■ DIRECTIONS:
Below are entries; output exactly the lines from the one with "case: S_pos => m [m_gt0 hm];" to the one with "(* 0 <= |c p - a q|_S^2", both included, and nothing else.

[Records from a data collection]

(* Suppose Assumption (A1) holds, and let $\{x_k\}_{k\in\mathbb N}$, $\{y_k\}_{k\in\mathbb N}$, $\{u_k\}_{k\in\mathbb N}$ be generated by Algorithm NFBHF-M from arbitrary $x_0,u_0\in\mathcal H$. Then for every $x^*\in\operatorname{zer}(A+B+C)$ and every integer $k\ge 1$, $$\Phi_{k+1}(x^* )\le \Phi_k(x^* )-\Big(1-L_{k-1}-L_k-2\gamma_kL_k\mu-\gamma_k^2\mu^2-\frac{\gamma_k\beta}{2}\Big)\|y_k-x_k\|_S^2 .$$
   Context: $\mathcal H$ is a real Hilbert space. $\mathcal P(\mathcal H)$ denotes the set of bounded linear operators $S:\mathcal H\to\mathcal H$ that are self-adjoint and strongly positive ($\langle Sx,x\rangle\ge m\|x\|^2$ for some $m>0$ and all $x$); for such $S$, $S^{-1}\in\mathcal P(\mathcal H)$, $\langle x,y\rangle_S:=\langle Sx,y\rangle$ and $\|x\|_S:=\sqrt{\langle Sx,x\rangle}$. For $S\in\mathcal P(\mathcal H)$, a single-valued $T:\mathcal H\to\mathcal H$ is $L$-Lipschitz continuous w.r.t. $S$ if $\|Tx-Ty\|_{S^{-1}}\le L\|x-y\|_S$ for all $x,y$, and is $\beta^{-1}$-cocoercive w.r.t. $S$ ($\beta>0$) if $\langle Tx-Ty,x-y\rangle\ge \beta^{-1}\|Tx-Ty\|_{S^{-1}}^2$ for all $x,y$. $\operatorname{zer}(A+B+C)=\{x\in\mathcal H: 0\in Ax+Bx+Cx\}$. Assumption (A1): fix $S\in\mathcal P(\mathcal H)$. (i) $A:\mathcal H\to2^{\mathcal H}$ is maximally monotone; (ii) $B:\mathcal H\to\mathcal H$ is single-valued, monotone and $\mu$-Lipschitz continuous w.r.t. $S$ ($\mu\ge0$); (iii) $C:\mathcal H\to\mathcal H$ is $\beta^{-1}$-cocoercive w.r.t. $S$ for some $\beta>0$; (iv) $\operatorname{zer}(A+B+C)\neq\emptyset$; (v) there is $\gamma>0$ and, for each $k\in\mathbb N$, a step-size $\gamma_k\ge\gamma$, a constant $L_k\in[0,1)$ and a (possibly nonlinear) operator $M_k:\mathcal H\to\mathcal H$ such that $\gamma_kM_k-S$ is $L_k$-Lipschitz continuous w.r.t. $S$. (Under (v), $M_k$ is maximally monotone and strongly monotone, so $(M_k+A)^{-1}$ is single-valued with full domain.) Algorithm NFBHF-M (nonlinear forward–backward–half forward with momentum): given $x_0,u_0\in\mathcal H$, for $k=0,1,2,\dots$ $$y_k=(M_k+A)^{-1}\big(M_kx_k-(B+C)x_k+\gamma_k^{-1}u_k\big),\quad x_{k+1}=y_k-\gamma_kS^{-1}By_k+\gamma_kS^{-1}Bx_k,\quad u_{k+1}=(\gamma_kM_k-S)y_k-(\gamma_kM_k-S)x_k.$$ For $x\in\mathcal H$ and $k\ge1$, $\Phi_k(x):=\|x_k-x\|_S^2+2\langle u_k,x_k-x\rangle+L_{k-1}\|y_{k-1}-x_{k-1}\|_S^2$. *)

From HB Require Import structures.
From mathcomp Require Import all_boot all_order all_algebra.
From mathcomp Require Import all_classical all_reals all_analysis.
Set Implicit Arguments. Unset Strict Implicit. Unset Printing Implicit Defensive.
Import Order.TTheory GRing.Theory Num.Theory.
Import numFieldNormedType.Exports.
Local Open Scope ring_scope.
Local Open Scope classical_set_scope.

Record inner_product (R : realType) (H : completeNormedModType R) := InnerProduct {
  ip : H -> H -> R;
  ipDl : forall x y z, ip (x + y) z = ip x z + ip y z;
  ipZl : forall (a : R) x y, ip (a *: x) y = a * ip x y;
  ipC : forall x y, ip x y = ip y x;
  ip_norm : forall x, ip x x = `|x| ^+ 2
}.

Section Defs.
Variables (R : realType) (H : completeNormedModType R) (I : inner_product H).
Local Notation "<< x , y >>" := (ip I x y).

Definition bounded_linear (S : H -> H) :=
  (forall (a : R) x y, S (a *: x + y) = a *: S x + S y) /\
  exists c : R, forall x, `|S x| <= c * `|x|.

Definition self_adjoint (S : H -> H) := forall x y, << S x, y >> = << x, S y >>.

Definition strongly_positive (S : H -> H) :=
  exists m : R, 0 < m /\ forall x, m * `|x| ^+ 2 <= << S x, x >>.

Definition in_P (S : H -> H) :=
  bounded_linear S /\ self_adjoint S /\ strongly_positive S.

Definition normS (S : H -> H) (x : H) : R := Num.sqrt << S x, x >>.

Definition lipschitz_wrt (S Sinv : H -> H) (L : R) (T : H -> H) :=
  forall x y, normS Sinv (T x - T y) <= L * normS S (x - y).

Definition cocoercive_wrt (Sinv : H -> H) (beta : R) (T : H -> H) :=
  forall x y, beta^-1 * normS Sinv (T x - T y) ^+ 2 <= << T x - T y, x - y >>.

Definition monotone_op (A : H -> set H) :=
  forall x y u v, A x u -> A y v -> 0 <= << u - v, x - y >>.

Definition maximally_monotone (A : H -> set H) :=
  monotone_op A /\
  forall x u, (forall y v, A y v -> 0 <= << u - v, x - y >>) -> A x u.

Definition monotone_fun (B : H -> H) :=
  forall x y, 0 <= << B x - B y, x - y >>.

Definition zer3 (A : H -> set H) (B C : H -> H) : set H :=
  [set x | A x (- (B x + C x))].

(* set-valued inverse (M + A)^{-1} z = [set y | z \in M y + A y] *)
Definition inv_sum (M : H -> H) (A : H -> set H) (z : H) : set H :=
  [set y | A y (z - M y)].

End Defs.

From HB Require Import structures.
From mathcomp Require Import all_boot all_order all_algebra.
From mathcomp Require Import all_classical all_reals all_analysis.
From mathcomp Require Import ring lra.
Set Implicit Arguments. Unset Strict Implicit. Unset Printing Implicit Defensive.
Import Order.TTheory GRing.Theory Num.Theory.
Import numFieldNormedType.Exports.
Local Open Scope ring_scope.
Local Open Scope classical_set_scope.

(* Monotonicity of A between the resolvent point y_k and the zero x* bounds
   <S(y_k - x_k), y_k - x*>, which turns the expansion of |x_{k+1} - x*|_S^2
   along the forward correction x_{k+1} - y_k = -γ_k S^-1(B y_k - B x_k) into a
   bound by |x_k - x*|_S^2 - |y_k - x_k|_S^2; monotonicity of B absorbs the
   B-terms.  Every remaining cross term pairs a vector measured in |.|_S^-1 with
   one measured in |.|_S, so Cauchy-Schwarz for this dual pair, the Lipschitz
   bounds on γ M - S (which produce u_k, u_{k+1}) and on B, and cocoercivity of
   C followed by Young's inequality give the stated coefficient. *)

Lemma ler_young (R : realFieldType) (t s b : R) :
  0 < b -> 2 * t * s <= 2 * b^-1 * t ^+ 2 + b / 2 * s ^+ 2.
Proof.
move=> b_gt0.
have : 0 <= b^-1 * (2 * t - b * s) ^+ 2 / 2.
  by rewrite divr_ge0 // mulr_ge0 ?sqr_ge0 // invr_ge0 ltW.
have -> : b^-1 * (2 * t - b * s) ^+ 2 / 2
        = 2 * b^-1 * t ^+ 2 + b / 2 * s ^+ 2 - 2 * t * s by field; rewrite gt_eqF.
lra.
Qed.

Section InnerProduct.
Variables (R : realType) (H : completeNormedModType R) (I : inner_product H).
Local Notation "<< x , y >>" := (ip I x y).

Lemma ipDr x y z : << z, x + y >> = << z, x >> + << z, y >>.
Proof. by rewrite ipC ipDl ![<< _, z >>]ipC. Qed.

Lemma ipZr (a : R) x y : << y, a *: x >> = a * << y, x >>.
Proof. by rewrite ipC ipZl ipC. Qed.

Lemma ipNl x y : << - x, y >> = - << x, y >>.
Proof. by rewrite -scaleN1r ipZl mulN1r. Qed.

Lemma ipNr x y : << y, - x >> = - << y, x >>.
Proof. by rewrite ipC ipNl ipC. Qed.

Lemma ipBl x y z : << x - y, z >> = << x, z >> - << y, z >>.
Proof. by rewrite ipDl ipNl. Qed.

Lemma ipBr x y z : << z, x - y >> = << z, x >> - << z, y >>.
Proof. by rewrite ipDr ipNr. Qed.

Lemma ip0l y : << 0, y >> = 0.
Proof. by rewrite -(scale0r (0 : H)) ipZl mul0r. Qed.

Lemma ip0r y : << y, 0 >> = 0.
Proof. by rewrite ipC ip0l. Qed.

End InnerProduct.

Section SMetric.
Variables (R : realType) (H : completeNormedModType R) (I : inner_product H).
Variables (S Sinv : H -> H).
Hypothesis S_linear : forall (a : R) x y, S (a *: x + y) = a *: S x + S y.
Hypothesis S_selfadj : self_adjoint I S.
Hypothesis S_pos : strongly_positive I S.
Hypothesis SinvK : cancel Sinv S.
Hypothesis SK : cancel S Sinv.

HB.instance Definition _ := GRing.isLinear.Build R H H *:%R S S_linear.

Local Notation "<< x , y >>" := (ip I x y).
Local Notation "`| x |_S" := (normS I S x) (format "`| x |_S").
Local Notation "`| x |_Sinv" := (normS I Sinv x) (format "`| x |_Sinv").

Lemma SinvB x y : Sinv (x - y) = Sinv x - Sinv y.
Proof. by apply: (can_inj SK); rewrite linearB /= !SinvK. Qed.

Lemma ipSC p q : << S p, q >> = << S q, p >>.
Proof. by rewrite S_selfadj ipC. Qed.

Lemma ipS_Sinv p w : << S p, Sinv w >> = << w, p >>.
Proof. by rewrite S_selfadj SinvK ipC. Qed.

Lemma ipS_ge0 p : 0 <= << S p, p >>.
Proof.
case: S_pos => m [m_gt0 hm]; apply: le_trans (hm p).
by apply: mulr_ge0; [exact: ltW | exact: exprn_ge0].
Qed.

Lemma ipS_le0_eq0 p : << S p, p >> <= 0 -> p = 0.
Proof.
case: S_pos => m [m_gt0 hm] hp.
have : m * `|p| ^+ 2 <= 0 by apply: le_trans (hm p) hp.
rewrite pmulr_rle0 // => p2_le0.
have /eqP : `|p| ^+ 2 = 0 by apply/eqP; rewrite eq_le p2_le0 exprn_ge0.
by rewrite expf_eq0 /= normr_eq0 => /eqP.
Qed.

Lemma normS_sqr v : `|v|_S ^+ 2 = << S v, v >>.
Proof. by rewrite sqr_sqrtr // ipS_ge0. Qed.

Lemma normS_ge0 v : 0 <= `|v|_S.
Proof. exact: sqrtr_ge0. Qed.

Lemma normS_Sinv w : `|Sinv w|_S = `|w|_Sinv.
Proof. by rewrite /normS SinvK ipC. Qed.

Lemma normSinv_ge0 w : 0 <= `|w|_Sinv.
Proof. exact: sqrtr_ge0. Qed.

Lemma normS_sqrB p q : `|p - q|_S ^+ 2 = `|p|_S ^+ 2 - 2 * << S p, q >> + `|q|_S ^+ 2.
Proof.
rewrite !normS_sqr linearB /= !(ipBl, ipBr) [<< S q, p >>]ipSC; lra.
Qed.

Lemma normS_sqrZ (a : R) v : `|a *: v|_S ^+ 2 = a ^+ 2 * `|v|_S ^+ 2.
Proof. by rewrite !normS_sqr linearZ /= ipZl ipZr mulrA -expr2. Qed.

Lemma ipS_cauchy_schwarz p q : << S p, q >> <= `|p|_S * `|q|_S.
Proof.
set a := `|p|_S; set c := `|q|_S.
have [a0|a_neq0] := eqVneq a 0.
  have -> : p = 0 by apply: ipS_le0_eq0; rewrite -normS_sqr -/a a0 expr0n.
  by rewrite linear0 /= ip0l mulr_ge0 ?normS_ge0.
have [c0|c_neq0] := eqVneq c 0.
  have -> : q = 0 by apply: ipS_le0_eq0; rewrite -normS_sqr -/c c0 expr0n.
  by rewrite ip0r mulr_ge0 ?normS_ge0.
have ac_gt0 : 0 < a * c by rewrite mulr_gt0 // lt_def ?a_neq0 ?c_neq0 normS_ge0.
(* 0 <= |c p - a q|_S^2 = 2 a c (a c - <S p, q>) *)
have := sqr_ge0 `|c *: p - a *: q|_S.
rewrite normS_sqrB !normS_sqrZ -/a -/c [S (c *: p)]linearZ /= ipZl ipZr.
by nra.
Qed.

Lemma ip_cauchy_schwarz w v : `|<< w, v >>| <= `|w|_Sinv * `|v|_S.
Proof.
have normSN u : `|- u|_S = `|u|_S by rewrite /normS linearN /= ipNl ipNr opprK.
rewrite -normS_Sinv -[w in << w, v >>]SinvK; apply/ler_normlP; split.
  by rewrite -ipNr -(normSN v) ipS_cauchy_schwarz.
exact: ipS_cauchy_schwarz.
Qed.

Section NFBHFStep.
Variables (A : H -> set H) (B C : H -> H) (mu beta : R).
Hypothesis A_mono : monotone_op I A.
Hypothesis B_mono : monotone_fun I B.
Hypothesis B_lip : lipschitz_wrt I S Sinv mu B.
Hypothesis beta_gt0 : 0 < beta.
Hypothesis C_coco : cocoercive_wrt I Sinv beta C.

Lemma resolvent_monotone_bound (gam : R) (Mk : H -> H) x y u u' xs :
  0 < gam ->
  inv_sum Mk A (Mk x - (B x + C x) + gam^-1 *: u) y ->
  u' = (gam *: Mk y - S y) - (gam *: Mk x - S x) ->
  zer3 A B C xs ->
  << S (y - x), y - xs >>
    <= << u - u', y - xs >> - gam * << (B x + C x) - (B xs + C xs), y - xs >>.
Proof.
move=> gam_gt0 Ay -> Axs.
have hA := mulr_ge0 (ltW gam_gt0) (A_mono Ay Axs).
rewrite -ipZl opprK !scalerDr scalerA mulfV ?gt_eqF // scale1r in hA.
rewrite linearB /= !(ipDl, ipNl, ipZl) in hA *; lra.
Qed.

Lemma cocoercive_cross_bound (gam : R) x y xs : 0 < gam ->
  - (2 * gam) * << C x - C xs, y - xs >> <= gam * beta / 2 * `|y - x|_S ^+ 2.
Proof.
move=> gam_gt0.
have -> : y - xs = (x - xs) + (y - x) by rewrite [RHS]addrC addrA subrK.
rewrite ipDr.
have /ler_normlP[cross _] := ip_cauchy_schwarz (C x - C xs) (y - x).
have young := ler_young `|C x - C xs|_Sinv `|y - x|_S beta_gt0.
have := ler_wpM2l (ltW gam_gt0) (C_coco x xs).
have := ler_wpM2l (ltW gam_gt0) cross.
have := ler_wpM2l (ltW gam_gt0) young.
lra.
Qed.

Lemma nfbhf_step_descent (gam Lp Lk p : R) (Mk : H -> H) x y u x' u' xs :
  0 < gam -> 0 <= Lp -> 0 <= Lk ->
  `|u|_Sinv <= Lp * p -> `|u'|_Sinv <= Lk * `|y - x|_S ->
  inv_sum Mk A (Mk x - (B x + C x) + gam^-1 *: u) y ->
  x' = y - gam *: Sinv (B y) + gam *: Sinv (B x) ->
  u' = (gam *: Mk y - S y) - (gam *: Mk x - S x) ->
  zer3 A B C xs ->
  `|x' - xs|_S ^+ 2 + 2 * << u', x' - xs >> + Lk * `|y - x|_S ^+ 2
    <= `|x - xs|_S ^+ 2 + 2 * << u, x - xs >> + Lp * p ^+ 2
       - (1 - Lp - Lk - 2 * gam * Lk * mu - gam ^+ 2 * mu ^+ 2 - gam * beta / 2)
         * `|y - x|_S ^+ 2.
Proof.
move=> gam_gt0 Lp_ge0 Lk_ge0 u_le u'_le Ay hx' hu' Axs.
have s_ge0 := normS_ge0 (y - x).
have step := resolvent_monotone_bound gam_gt0 Ay hu' Axs.
have coco := cocoercive_cross_bound x y xs gam_gt0.
have Bmono := mulr_ge0 (ltW gam_gt0) (B_mono y xs).
have u_cross : 2 * << u, y - x >> <= Lp * p ^+ 2 + Lp * `|y - x|_S ^+ 2.
  have /ler_normlP[_ cs] := ip_cauchy_schwarz u (y - x).
  have := ler_wpM2r s_ge0 u_le.
  have := mulr_ge0 Lp_ge0 (sqr_ge0 (p - `|y - x|_S)); lra.
have u'_cross : - (gam * << u', Sinv (B y - B x) >>) <= gam * Lk * mu * `|y - x|_S ^+ 2.
  have /ler_normlP[cs _] := ip_cauchy_schwarz u' (Sinv (B y - B x)).
  rewrite normS_Sinv in cs.
  have := ler_pM (normSinv_ge0 u') (normSinv_ge0 (B y - B x)) u'_le (B_lip y x).
  move=> /(le_trans cs) /(ler_wpM2l (ltW gam_gt0)); lra.
have B_sqr : gam ^+ 2 * `|B y - B x|_Sinv ^+ 2 <= gam ^+ 2 * mu ^+ 2 * `|y - x|_S ^+ 2.
  have := ler_pM (normSinv_ge0 _) (normSinv_ge0 _) (B_lip y x) (B_lip y x).
  move=> /(ler_wpM2l (sqr_ge0 gam)); lra.
have -> : x' - xs = (y - xs) - gam *: Sinv (B y - B x).
  by rewrite hx' SinvB scalerBr opprB addrA [RHS]addrAC [LHS]addrAC [y - _ - xs]addrAC.
have -> : x - xs = (y - xs) - (y - x) by rewrite opprB [RHS]addrC addrA subrK.
rewrite [`|_ - gam *: _|_S ^+ 2]normS_sqrB [`|y - xs - _|_S ^+ 2]normS_sqrB.
rewrite normS_sqrZ normS_Sinv ipZr ipS_Sinv [<< u', _ >>]ipBr [<< u, _ >>]ipBr ipZr.
rewrite ipSC in step; rewrite !(ipDl, ipNl) in step coco Bmono *; lra.
Qed.

End NFBHFStep.

End SMetric.

Theorem lemma3p1 (R : realType) (H : completeNormedModType R) (I : inner_product H)
  (S Sinv : H -> H)
  (A : H -> set H) (B C : H -> H) (mu beta gamma : R)
  (gam L : nat -> R) (M : nat -> H -> H)
  (x y u : nat -> H) (xs : H) :
  (* S in P(H), Sinv its inverse *)
  in_P I S ->
  (forall z, S (Sinv z) = z) -> (forall z, Sinv (S z) = z) ->
  (* (A1)(i) *)
  maximally_monotone I A ->
  (* (A1)(ii) *)
  monotone_fun I B -> 0 <= mu -> lipschitz_wrt I S Sinv mu B ->
  (* (A1)(iii) *)
  0 < beta -> cocoercive_wrt I Sinv beta C ->
  (* (A1)(iv) *)
  (exists z, zer3 A B C z) ->
  (* (A1)(v) *)
  0 < gamma ->
  (forall k, gamma <= gam k) ->
  (forall k, 0 <= L k < 1) ->
  (forall k, lipschitz_wrt I S Sinv (L k) (fun z => gam k *: M k z - S z)) ->
  (* Algorithm NFBHF-M (x 0, u 0 arbitrary) *)
  (forall k, inv_sum (M k) A
       (M k (x k) - (B (x k) + C (x k)) + (gam k)^-1 *: u k) (y k)) ->
  (forall k, x k.+1 = y k - gam k *: Sinv (B (y k)) + gam k *: Sinv (B (x k))) ->
  (forall k, u k.+1 = (gam k *: M k (y k) - S (y k)) - (gam k *: M k (x k) - S (x k))) ->
  zer3 A B C xs ->
  let Phi := fun k : nat =>
    normS I S (x k - xs) ^+ 2 + 2 * ip I (u k) (x k - xs)
    + L k.-1 * normS I S (y k.-1 - x k.-1) ^+ 2 in
  forall k : nat, (1 <= k)%N ->
    Phi k.+1 <= Phi k
      - (1 - L k.-1 - L k - 2 * gam k * L k * mu - gam k ^+ 2 * mu ^+ 2
         - gam k * beta / 2) * normS I S (y k - x k) ^+ 2.
Proof.
move=> [[S_linear _] [S_selfadj S_pos]] SinvK SK [A_mono _] B_mono _ B_lip beta_gt0
  C_coco _ gamma_gt0 gamma_le L_range M_lip y_def x_def u_def xs_zer Phi [//|k] _.
have gam_gt0 j : 0 < gam j := lt_le_trans gamma_gt0 (gamma_le j).
have L_ge0 j : 0 <= L j by case/andP: (L_range j).
have u_bound j : normS I Sinv (u j.+1) <= L j * normS I S (y j - x j).
  by rewrite u_def; exact: M_lip.
rewrite /Phi /=.
exact: (nfbhf_step_descent S_linear S_selfadj S_pos SinvK SK A_mono B_mono B_lip
  beta_gt0 C_coco (gam_gt0 k.+1) (L_ge0 k) (L_ge0 k.+1) (u_bound k) (u_bound k.+1)
  (y_def k.+1) (x_def k.+1) (u_def k.+1) xs_zer).
Qed.
Lemma edges_adj x y : ([set x; y] \in edges adj) = adj x y.
Proof.
case: sg => sym irr; apply/edgesP/idP => [[a [b [ab E]]]|xy]; last by exists x, y.
have : b \in [set x; y] by rewrite E !inE eqxx orbT.
have : a \in [set x; y] by rewrite E !inE eqxx.
case/set2P=> Ea /set2P[] Eb; rewrite Ea Eb in ab; rewrite // ?irr // in ab.
by rewrite sym.
Qed.

Lemma card_edge e : e \in edges adj -> #|e| = 2.
Proof. by case/edgesP=> x [y [/adj_neq xy ->]]; rewrite cards2 xy. Qed.

Lemma cycle_edges_sub p : cycle adj p -> cycle_edges p \subset edges adj.
Proof. by move=> cp; apply/subsetP=> e /imsetP[x xp ->]; rewrite edges_adj next_cycle. Qed.

Lemma edge_at e x : e \in edges adj -> x \in e -> exists2 w, adj x w & e = [set x; w].
Proof.
case: sg => sym _; case/edgesP=> a [b [ab ->]] /set2P[]->; first by exists b.
by exists a; rewrite 1?sym // setUC.
Qed.

Section EvenSubgraph.

Variable X : {set {set V}}.
Hypotheses (sXE : X \subset edges adj) (evenX : odd_vertices X = set0).

Let rX : rel V := [rel x y | [set x; y] \in X].

Lemma other_neighbour x y :
  [set x; y] \in X -> exists2 w, [set x; w] \in X & w \notin [:: x; y].
Proof.
move=> xyX; have : x \notin odd_vertices X by rewrite evenX inE.
rewrite inE (cardsD1 [set x; y]) inE xyX !inE eqxx orTb add1n /= negbK.
case/odd_gt0/card_gt0P=> e /setD1P[exy /setIdP[eX xe]].
have [w xw ew] := edge_at (subsetP sXE e eX) xe.
exists w; first by rewrite -ew.
rewrite !inE negb_or eq_sym adj_neq //=; apply: contra exy => /eqP wy.
by rewrite ew wy.
Qed.

Lemma rel_cycle_graph_cycle q :
  uniq q -> 2 < size q -> cycle rX q -> graph_cycle adj q /\ cycle_edges q \subset X.
Proof.
move=> Uq sq cq; split.
  by split=> //; apply: sub_cycle cq => x y /= /(subsetP sXE); rewrite edges_adj.
by apply/subsetP=> e /imsetP[x xq ->]; apply: (next_cycle cq).
Qed.

Lemma extend_path_or_cycle x y t : uniq [:: x, y & t] -> path rX x (y :: t) ->
  (exists p, graph_cycle adj p /\ cycle_edges p \subset X) \/
  (exists w, uniq [:: w, x, y & t] /\ path rX w [:: x, y & t]).
Proof.
move=> Us ps; have [w xw] := other_neighbour (andP ps).1.
rewrite !inE negb_or => /andP[wx wy].
have wxX : rX w x by rewrite /rX /= setUC.
have [wt|wt] := boolP (w \in t); last first.
  right; exists w; split; last by rewrite /= wxX.
  by rewrite cons_uniq Us !inE (negbTE wx) (negbTE wy) wt.
left; case/splitPr: t / wt Us ps => t1 t2 Us ps.
exists (x :: y :: rcons t1 w); apply: rel_cycle_graph_cycle.
- by move: Us; rewrite -cat_rcons -cat_cons -cat_cons cat_uniq => /andP[].
- by rewrite /= size_rcons.
- move: ps; rewrite -cat_cons -cat_rcons cat_path => /andP[pw _].
  by rewrite [cycle _ _]/= rcons_path last_rcons wxX andbT.
Qed.

Lemma find_cycle : X != set0 -> exists p, graph_cycle adj p /\ cycle_edges p \subset X.
Proof.
suff grow : forall k x y t, #|V| - size [:: x, y & t] <= k -> uniq [:: x, y & t] ->
    path rX x (y :: t) -> exists p, graph_cycle adj p /\ cycle_edges p \subset X.
  case/set0Pn=> e eX; have [x [y [xy exy]]] := edgesP _ (subsetP sXE e eX).
  apply: (grow #|V| x y [::]); first exact: leq_subr.
    by rewrite /= inE andbT adj_neq.
  by rewrite /= andbT /rX /= -exy.
elim=> [|k IH] x y t szk Us ps; case: (extend_path_or_cycle Us ps) => // [[w [Uw pw]]].
  have := max_card [set z in [:: w, x, y & t]]; rewrite cardsE (card_uniqP Uw).
  by move: szk => /=; lia.
by apply: IH Uw pw; move: szk => /=; lia.
Qed.

End EvenSubgraph.

Lemma even_edge_set_ind (K : {set {set V}} -> Prop) :
  K set0 -> (forall p, graph_cycle adj p -> K (cycle_edges p)) ->
  (forall X Y, X \subset edges adj -> Y \subset edges adj -> K X -> K Y -> K (symdiff X Y)) ->
  forall X, X \subset edges adj -> odd_vertices X = set0 -> K X.
Proof.
move=> K0 Kcycle Ksymdiff X; move: {2}#|X| (leqnn #|X|) => n.
elim: n X => [|n IH] X szX sXE evenX.
  by move: szX; rewrite leqn0 cards_eq0 => /eqP->.
have [->|X0] := eqVneq X set0; first exact: K0.
have [p [[Up sp cp] sCX]] := find_cycle sXE evenX X0.
have sCE := cycle_edges_sub cp.
rewrite -(symdiffK (cycle_edges p) X); apply: Ksymdiff => //.
- exact: symdiff_subset.
- exact: Kcycle.
- apply: IH; last by rewrite odd_vertices_symdiff odd_vertices_cycle_edges // evenX symdiffss.
    rewrite symdiffC symdiff_subsetr // cardsDS //.
    by have := cycle_edges_neq0 sp; rewrite -card_gt0; lia.
  exact: symdiff_subset.
Qed.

■ SOLUTION FOR THIS EXERCISE:
case: S_pos => m [m_gt0 hm]; apply: le_trans (hm p).
by apply: mulr_ge0; [exact: ltW | exact: exprn_ge0].
Qed.

Lemma ipS_le0_eq0 p : << S p, p >> <= 0 -> p = 0.
Proof.
case: S_pos => m [m_gt0 hm] hp.
have : m * `|p| ^+ 2 <= 0 by apply: le_trans (hm p) hp.
rewrite pmulr_rle0 // => p2_le0.
have /eqP : `|p| ^+ 2 = 0 by apply/eqP; rewrite eq_le p2_le0 exprn_ge0.
by rewrite expf_eq0 /= normr_eq0 => /eqP.
Qed.

Lemma normS_sqr v : `|v|_S ^+ 2 = << S v, v >>.
Proof. by rewrite sqr_sqrtr // ipS_ge0. Qed.

Lemma normS_ge0 v : 0 <= `|v|_S.
Proof. exact: sqrtr_ge0. Qed.

Lemma normS_Sinv w : `|Sinv w|_S = `|w|_Sinv.
Proof. by rewrite /normS SinvK ipC. Qed.

Lemma normSinv_ge0 w : 0 <= `|w|_Sinv.
Proof. exact: sqrtr_ge0. Qed.

Lemma normS_sqrB p q : `|p - q|_S ^+ 2 = `|p|_S ^+ 2 - 2 * << S p, q >> + `|q|_S ^+ 2.
Proof.
rewrite !normS_sqr linearB /= !(ipBl, ipBr) [<< S q, p >>]ipSC; lra.
Qed.

Lemma normS_sqrZ (a : R) v : `|a *: v|_S ^+ 2 = a ^+ 2 * `|v|_S ^+ 2.
Proof. by rewrite !normS_sqr linearZ /= ipZl ipZr mulrA -expr2. Qed.

Lemma ipS_cauchy_schwarz p q : << S p, q >> <= `|p|_S * `|q|_S.
Proof.
set a := `|p|_S; set c := `|q|_S.
have [a0|a_neq0] := eqVneq a 0.
  have -> : p = 0 by apply: ipS_le0_eq0; rewrite -normS_sqr -/a a0 expr0n.
  by rewrite linear0 /= ip0l mulr_ge0 ?normS_ge0.
have [c0|c_neq0] := eqVneq c 0.
  have -> : q = 0 by apply: ipS_le0_eq0; rewrite -normS_sqr -/c c0 expr0n.
  by rewrite ip0r mulr_ge0 ?normS_ge0.
have ac_gt0 : 0 < a * c by rewrite mulr_gt0 // lt_def ?a_neq0 ?c_neq0 normS_ge0.
(* 0 <= |c p - a q|_S^2 = 2 a c (a c - <S p, q>) *)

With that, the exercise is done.